FBR Gears Up for Ambitious Rs. 14.3 Trillion Tax Target in FY26

The Federal Board of Revenue (FBR) is facing a significant challenge as the International Monetary Fund (IMF) has set an ambitious tax collection target of Rs. 14,307 billion for the fiscal year 2025-26, equivalent to 10.7 percent of the Gross Domestic Product (GDP). This target is outlined in the IMF’s report following the first review under the Extended Fund Facility (EFF) arrangement, signaling a strong push for enhanced fiscal consolidation.

The daunting target comes alongside a proposed new Bill in the National Assembly aimed at eliminating the “non-filer” category. This legislative measure is expected to impose stringent restrictions on non-filers, barring them from undertaking key economic transactions such as purchasing vehicles and real estate, a move designed to significantly broaden the tax base and formalize the economy.

Breakdown of Projected Tax Collections

According to the IMF’s report, the Rs. 14,307 billion target for 2025-26 is broken down across various tax categories:

  • Direct Tax: Projected at Rs. 6,470 billion.
  • Federal Excise Duty: Estimated at Rs. 1,153 billion.
  • Sales Tax: Targeted at Rs. 4,943 billion.
  • Customs Duty: Projected at Rs. 1,741 billion.

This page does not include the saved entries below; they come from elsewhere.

(* Let $\mathcal{M}$ be a matroid of rank $c$ on $[n]$ and order $G(J(\mathcal{M}))$ by the iterated-contraction order $\preceq$ along an ordered basis $(v_1,\ldots,v_c)$ (see context). Let $N\in G(J(\mathcal{M}))$, $N\neq\min G(J(\mathcal{M}))$. Then $$C_N=\begin{cases}J(\mathcal{M}(\gamma_N)^0), & \text{if } i_N=0,\\ J(\mathcal{M}'(\gamma_N)^0), & \text{if } i_N>0,\ \text{where }\mathcal{M}'=\mathcal{M}/\{v_1,\ldots,v_{i_N}\}.\end{cases}$$ Moreover, for any given $N$ one can choose such an ordering with $i_N=0$.
   Context: $R=\mathbb{K}[x_1,\ldots,x_n]$, $\mathbb{K}$ a field. For a matroid $\mathcal{N}$ on $E\subseteq[n]$, $J(\mathcal{N})=\bigcap_{F\in\mathcal{B}(\mathcal{N})}(x_i:i\in F)$, formed in $\mathbb{K}[x_i:i\in E]$ and extended to $R$. $\mathcal{M}/A$ is contraction by an independent set $A$. $G(\cdot)$ is the set of minimal monomial generators. For a monomial $N=\prod x_i^{a_i}$, $\gamma_N(i)=a_i$ and $\operatorname{supp}\gamma_N=\{i:a_i>0\}$. For a matroid $\mathcal{N}$ and $N\in G(J(\mathcal{N}))$ ($\gamma_N$ is then a basic $1$-cover of $\mathcal{N}$), $\mathcal{N}(\gamma_N)$ is the matroid whose bases are the bases $F$ of $\mathcal{N}$ with $\sum_{i\in F}\gamma_N(i)=1$, and $\mathcal{N}(\gamma_N)^0$ is its restriction to the complement of $\operatorname{supp}\gamma_N$. Order: $J_i=J(\mathcal{M}/\{v_1,\ldots,v_i\})$ for $0\le i\le c$; one has $G(J_c)\subseteq\cdots\subseteq G(J_0)$. Choose any total order on each $G(J_i)-G(J_{i+1})$; for $N\in G(J)$ let $i_N$ be the index with $N\in G(J_i)-G(J_{i+1})$; set $N\prec N'$ iff $i_N>i_{N'}$, or $i_N=i_{N'}$ and $N$ precedes $N'$ in the chosen order. $C_N=(N'\in G(J):N'\prec N):N$. *)

From HB Require Import structures.
From mathcomp Require Import all_boot all_order all_algebra.
From mathcomp Require Import mpoly.
Set Implicit Arguments. Unset Strict Implicit. Unset Printing Implicit Defensive.
Import GRing.Theory.
Local Open Scope ring_scope.
Lemma meager_countable_union {I : Type} (M : I -> X -> Prop) :
  countable_type I -> (forall i, meager (M i)) -> meager (fun x => exists i, M i x).
Proof.
  intros [g Hg] HM.
  apply (meager_subset (fun x => exists n, exists i, g i = n /\ M i x)).
  - apply meager_nat_union. intro n.
    destruct (classic (exists i, g i = n)) as [[i Hi] | Hn].
    + apply (meager_subset (M i)); [apply HM |].
      intros x [j [Hj Mjx]]. replace i with j by (apply Hg; congruence). exact Mjx.
    + apply (meager_subset _ _ meager_empty). intros x [j [Hj _]]. apply Hn; eauto.
  - intros x [i Mix]. exists (g i), i. auto.
Qed.

Lemma baire_property_open (U : X -> Prop) : is_open U -> baire_property U.
Proof.
  intros HU. exists U. split; [exact HU |].
  apply (meager_subset _ _ meager_empty). tauto.
Qed.

Lemma baire_property_ext (A A' : X -> Prop) :
  (forall x, A x <-> A' x) -> baire_property A -> baire_property A'.
Proof.
  intros HAA' [U [HU HM]]. exists U. split; [exact HU |].
  apply (meager_subset _ _ HM). intros x. rewrite <- HAA'. tauto.
Qed.

Lemma baire_property_compl (A : X -> Prop) :
  baire_property A -> baire_property (fun x => ~ A x).
Proof.
  intros [U [HU HM]]. exists (exterior U). split; [apply open_exterior |].
  apply (meager_subset _ _ (meager_union _ _ HM
                              (meager_nowhere_dense _ (nowhere_dense_frontier U HU)))).
  intros x [[nAx nEx] | [[e [He Hball]] Ax]].
  - destruct (classic (U x)); tauto.
  - left; left. split; [exact (NNPP _ Ax) |]. apply Hball. rewrite dist_refl. exact He.
Qed.

Lemma baire_property_nat_union (A : nat -> X -> Prop) :
  (forall n, baire_property (A n)) -> baire_property (fun x => exists n, A n x).
Proof.
  intros HA. destruct (choice _ HA) as [U HU].
  exists (fun x => exists n, U n x). split.
  - intros x [n Unx]. destruct (proj1 (HU n) x Unx) as [e [He Hball]].
    exists e. split; [exact He |]. intros y Hy. exists n. auto.
  - apply (meager_subset _ _ (meager_nat_union _ (fun n => proj2 (HU n)))).
    intros x [[[n Anx] nUx] | [[n Unx] nAx]]; exists n.
    + left. split; [exact Anx |]. intro; apply nUx; exists n; auto.
    + right. split; [exact Unx |]. intro; apply nAx; exists n; auto.
Qed.

Lemma borel_baire_property (B : X -> Prop) : borel B -> baire_property B.
Proof.
  intros HB. apply HB.
  - exact baire_property_open.
  - exact baire_property_compl.
  - exact baire_property_nat_union.
  - exact baire_property_ext.
Qed.

End Category.

Section NestedBalls.
Context {X : Polish}.
Variables (c : nat -> X) (r : nat -> R).
Hypothesis r_pos : forall k, 0 < r k.
Hypothesis r_small : forall k, r (S k) <= / INR (S k).
Hypothesis balls_nested : forall k y, dist (c (S k)) y <= r (S k) -> dist (c k) y <= r k.

Lemma nested_centers (k m : nat) : (k <= m)%nat -> dist (c k) (c m) <= r k.
Proof.
  intros Hkm.
  assert (Hnest : forall j y, dist (c (j + k)) y <= r (j + k) -> dist (c k) y <= r k).
  { induction j as [|j IH]; intros y Hy; [exact Hy |].
    apply IH, balls_nested, Hy. }
  replace m with ((m - k) + k)%nat by lia.
  apply (Hnest (m - k)%nat). rewrite dist_refl. left; apply r_pos.
Qed.

Lemma nested_balls_meet : exists l, forall k, dist (c k) l <= r k.
Proof.
  destruct (dist_complete X c) as [l Hl].
  { intros eps Heps. destruct (archimed_cor1 (eps / 2)) as [M [HM HM0]]; [lra |].
    exists M. intros m n Hm Hn.
    assert (HrM : r M < eps / 2).
    { destruct M as [|M]; [lia |].
      apply (Rle_lt_trans _ _ _ (r_small M)), (Rle_lt_trans _ (/ INR (S M))); [lra | exact HM]. }
    pose proof (nested_centers M m Hm). pose proof (nested_centers M n Hn).
    pose proof (dist_tri X (c m) (c M) (c n)). rewrite (dist_sym X (c m) (c M)) in *. lra. }
  exists l. intro m. apply Rnot_lt_le. intro Hfar.
  destruct (Hl (dist (c m) l - r m)) as [K HK]; [lra |].
  pose proof (HK (Nat.max K m) (Nat.le_max_l K m)).
  pose proof (nested_centers m (Nat.max K m) (Nat.le_max_r K m)).
  pose proof (dist_tri X (c m) (c (Nat.max K m)) l). lra.
Qed.

End NestedBalls.

Section Baire.
Context {X : Polish}.

Lemma shrink_ball_avoiding (N : X -> Prop) (x : X) (r b : R) :
  nowhere_dense N -> 0 < r -> 0 < b ->
  exists x' r', 0 < r' /\ r' <= b /\
    forall y, dist x' y <= r' -> dist x y < r /\ ~ N y.
Proof.
  intros HN Hr Hb.
  destruct (HN _ (open_ball x r)) as [V [HV [[x' Vx'] HVsub]]].
  { exists x. rewrite dist_refl. exact Hr. }
  destruct (HV x' Vx') as [e [He Hball]].
  exists x', (Rmin (e / 2) b). split; [apply Rmin_pos; lra | split; [apply Rmin_r |]].
  intros y Hy. apply HVsub, Hball. pose proof (Rmin_l (e / 2) b). lra.
Qed.

Theorem baire_category (U M : X -> Prop) :
  is_open U -> (exists x, U x) -> meager M -> exists x, U x /\ ~ M x.
Proof.
  intros HU [x0 Ux0] [N [HN Hcov]].
  destruct (HU x0 Ux0) as [r0 [Hr0 Hball0]].
  pose (step k (p p' : X * R) := 0 < snd p ->
          0 < snd p' /\ snd p' <= / INR (S k) /\
          forall y, dist (fst p') y <= snd p' -> dist (fst p) y < snd p /\ ~ N k y).
  assert (Hstep : forall k p, exists p', step k p p').
  { intros k [x r]. destruct (Rlt_dec 0 r) as [Hr | Hr].
    - destruct (shrink_ball_avoiding (N k) x r (/ INR (S k)) (HN k) Hr) as [x' [r' H]].
      { apply Rinv_0_lt_compat, lt_0_INR; lia. }
      exists (x', r'). intros _. exact H.
    - exists (x, r). intro; contradiction. }
  destruct (choice _ (fun k => choice _ (Hstep k))) as [F HF].
  pose (s := fix s k := match k with O => (x0, r0) | S k => F k (s k) end).
  assert (Hpos : forall k, 0 < snd (s k)).
  { induction k as [|k IH]; [exact Hr0 | apply (HF k (s k) IH)]. }
  assert (Hnext : forall k y, dist (fst (s (S k))) y <= snd (s (S k)) ->
                    dist (fst (s k)) y < snd (s k) /\ ~ N k y).
  { intro k. apply (HF k (s k) (Hpos k)). }
  destruct (nested_balls_meet (fun k => fst (s k)) (fun k => snd (s k))) as [l Hl].
  - exact Hpos.
  - intro k. apply (HF k (s k) (Hpos k)).
  - intros k y Hy. left. apply (Hnext k y Hy).
  - exists l. split.
    + apply Hball0, (Hnext O l (Hl 1%nat)).
    + intros Ml. destruct (Hcov l Ml) as [k Nkl]. apply (Hnext k l (Hl (S k))), Nkl.
Qed.

End Baire.

Section PartialMaps.
Context {X : Polish}.
Variables (dom : X -> Prop) (f : X -> X).

Lemma nowhere_dense_preimage (V N : X -> Prop) :
  partial_cont_open dom f -> is_open V -> (forall z, V z -> dom z) -> nowhere_dense N ->
  nowhere_dense (fun z => V z /\ N (f z)).
Proof.
  intros [_ [_ [Hcont Hopen]]] HV HVdom HN W HW [w0 Ww0].
  destruct (classic (exists w, W w /\ V w)) as [[w [Ww Vw]] | HWV].
  - assert (HWVo : is_open (fun z => W z /\ V z)) by (apply open_and; auto).
    destruct (HN (fun t => exists z, (W z /\ V z) /\ f z = t)) as [O [HO [[t Ot] HOsub]]].
    + apply Hopen; [exact HWVo | intros z [_ Vz]; auto].
    + exists (f w), w. auto.
    + exists (fun z => (W z /\ V z) /\ O (f z)). split; [| split].
      * apply open_preimage; [exact HWVo | exact HO |].
        intros x [_ Vx] eps Heps. destruct (Hcont x (HVdom x Vx) eps Heps) as [del [Hdel H]].
        exists del. split; [exact Hdel |]. intros x' [_ Vx']. apply H; auto.
      * destruct (HOsub t Ot) as [[z [WVz <-]] _]. exists z. auto.
      * intros x [[Wx Vx] Ofx]. split; [exact Wx |]. intros [_ Nfx].
        apply (HOsub (f x) Ofx), Nfx.
  - exists W. split; [exact HW | split; [exists w0; exact Ww0 |]].
    intros x Wx. split; [exact Wx |]. intros [Vx _]. apply HWV. eauto.
Qed.

Lemma meager_preimage (V M : X -> Prop) :
  partial_cont_open dom f -> is_open V -> (forall z, V z -> dom z) -> meager M ->
  meager (fun z => V z /\ M (f z)).
Proof.
  intros Hf HV HVdom [N [HN Hcov]]. exists (fun k z => V z /\ N k (f z)). split.
  - intro k. apply nowhere_dense_preimage; auto.
  - intros z [Vz Mfz]. destruct (Hcov _ Mfz) as [k Nk]. exists k. auto.
Qed.

Lemma monochromatic_graph_edge {T : Type} (c : X -> T) (y : T) (U : X -> Prop) :
  partial_cont_open dom f -> is_open U -> meager (fun x => U x /\ c x <> y) ->
  (exists x, dom x /\ U x /\ U (f x)) -> exists z, dom z /\ c z = y /\ c (f z) = y.
Proof.
  intros Hf HU HM [x Hx].
  pose (V z := (dom z /\ U (f z)) /\ U z).
  assert (HV : is_open V).
  { destruct Hf as [Hdom [_ [Hcont _]]]. apply open_and; [apply open_preimage |]; auto. }
  destruct (baire_category V (fun z => (U z /\ c z <> y) \/ (V z /\ (U (f z) /\ c (f z) <> y))))
    as [z [Vz Hz]].
  - exact HV.
  - exists x. unfold V. tauto.
  - apply meager_union; [exact HM |]. apply (meager_preimage V (fun t => U t /\ c t <> y)); auto.
    intros z [[Dz _] _]. exact Dz.
  - exists z. destruct Vz as [[Dz Ufz] Uz].
    split; [exact Dz |]. split; apply NNPP; intro; apply Hz; [left | right; unfold V]; tauto.
Qed.

Lemma open_deep_in (x : X) : is_open dom -> dom x -> exists k, deep_in dom (/ INR (S k)) x.
Proof.
  intros Hdom Dx. destruct (Hdom x Dx) as [e [He Hball]].
  destruct (archimed_cor1 e He) as [k [Hk Hk0]]. exists k.
  intros z Hz. apply Hball. apply (Rlt_trans _ _ _ Hz), (Rle_lt_trans _ (/ INR k)); [| exact Hk].
  apply Rinv_le_contravar; [apply lt_0_INR; lia | apply le_INR; lia].
Qed.

Lemma closed2_deep_graph (r : R) :
  continuous_on dom f -> 0 < r -> is_closed2 (fun x y => deep_in dom r x /\ f x = y).
Proof.
  intros Hcont Hr x y Hxy. destruct (classic (deep_in dom r x)) as [Hdeep | Hshallow].
  - assert (Hd : 0 < dist (f x) y) by (apply dist_pos; intro; apply Hxy; auto).
    assert (Dx : dom x) by (apply Hdeep; rewrite dist_refl; exact Hr).
    destruct (Hcont x Dx (dist (f x) y / 2)) as [del [Hdel Hc]]; [lra |].
    exists (Rmin del (dist (f x) y / 2)). split; [apply Rmin_pos; lra |].
    intros x' y' Hx' Hy' [Hdeep' <-].
    pose proof (Rmin_l del (dist (f x) y / 2)). pose proof (Rmin_r del (dist (f x) y / 2)).
    assert (Dx' : dom x') by (apply Hdeep'; rewrite dist_refl; exact Hr).
    pose proof (Hc x' Dx' ltac:(lra)).
    pose proof (dist_tri X (f x) (f x') y). rewrite (dist_sym X (f x') y) in *. lra.
  - apply not_all_ex_not in Hshallow. destruct Hshallow as [z Hz].
    apply imply_to_and in Hz. destruct Hz as [Hxz nDz].
    exists (r - dist x z). split; [lra |].
    intros x' y' Hx' _ [Hdeep' _]. apply nDz, Hdeep'.
    pose proof (dist_tri X x' x z). rewrite (dist_sym X x' x) in *. lra.
Qed.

While the government anticipates achieving this target through economic growth, inflation, and improved enforcement, recent reports indicate the IMF has flagged a potential shortfall of around Rs. 1 trillion, emphasizing the need for either new tax measures or significantly enhanced collection efforts from the existing base.

Introduction of Carbon Levy and Retailer Tax Reforms

In line with commitments to the IMF, the government has agreed to introduce a carbon levy on gasoline, diesel, and fuel oil. This levy, to be phased in over two years through the Finance Act 202, aims to disincentivize the use of fossil fuels, impacting vehicles with internal combustion engines and the use of heavy-polluting fuel oil in electricity generation.

Furthermore, the taxation of retailers is set for reform. The income tax on net tax revenues from the Tajir Dost scheme is proposed to be replaced by a new income tax levied directly on income tax revenues collected by the FBR from retailers. This change aims for a more direct and potentially more effective method of taxing the retail sector.

Strengthening Revenue Administration and Addressing Litigation

To support the ambitious revenue targets, the government has agreed to strengthen tax revenue collection to ensure the general government revenue reaches 12.3 percent of GDP in FY 2024-25, with FBR collections contributing 10.6 percent of GDP (Rs 12,332 billion).

Revenue administration measures are being enhanced to reduce the compliance gap. These include focusing on the Compliance Risk Management (CRM) system, implementing digital value chain monitoring, detecting irregularities in sales tax returns, closer monitoring of irregular import patterns, and strengthening faceless customs assessments.

The FBR is also actively pursuing the resolution of outstanding litigation cases totaling Rs. 367 billion. These cases are pending before various forums, including the Supreme Court (Rs. 43 billion), High Courts (Islamabad, Sindh, and Lahore collectively Rs. 217 billion), and the Appellate Tribunal Inland Revenue (Rs. 104 billion). The Supreme Court has reportedly completed initial hearings on some cases, with decisions anticipated that could resolve a significant portion of the disputed amount.

CRM Expansion and Retailer Compliance Progress

The Compliance Risk Management (CRM) systems are now operational in the Large Taxpayer Offices (LTOs) in Islamabad, Karachi, and Lahore, and have been extended to Corporate Tax Units. The FBR is integrating internal and third-party data with the goal of developing a fully automated CRM system to enhance risk profiling and audit selection.

While the initial performance of the Tajir Dost scheme for voluntary registration was below expectations, recent increases in withholding taxes on unregistered retailers have shown positive results. This includes a notable increase in the number of filers among retailers, wholesalers, and traders. A new indicative target on income tax revenue from this group has been introduced to better monitor compliance progress.

The proposed bill to eliminate the non-filer category, currently before Parliament and expected to be part of the Finance Bill 2025-26, is seen as a crucial step to further improve compliance. The progress on bringing new taxpayers with a positive tax liability into the system will also be monitored under a modified quantitative performance criterion (QPC) with the IMF.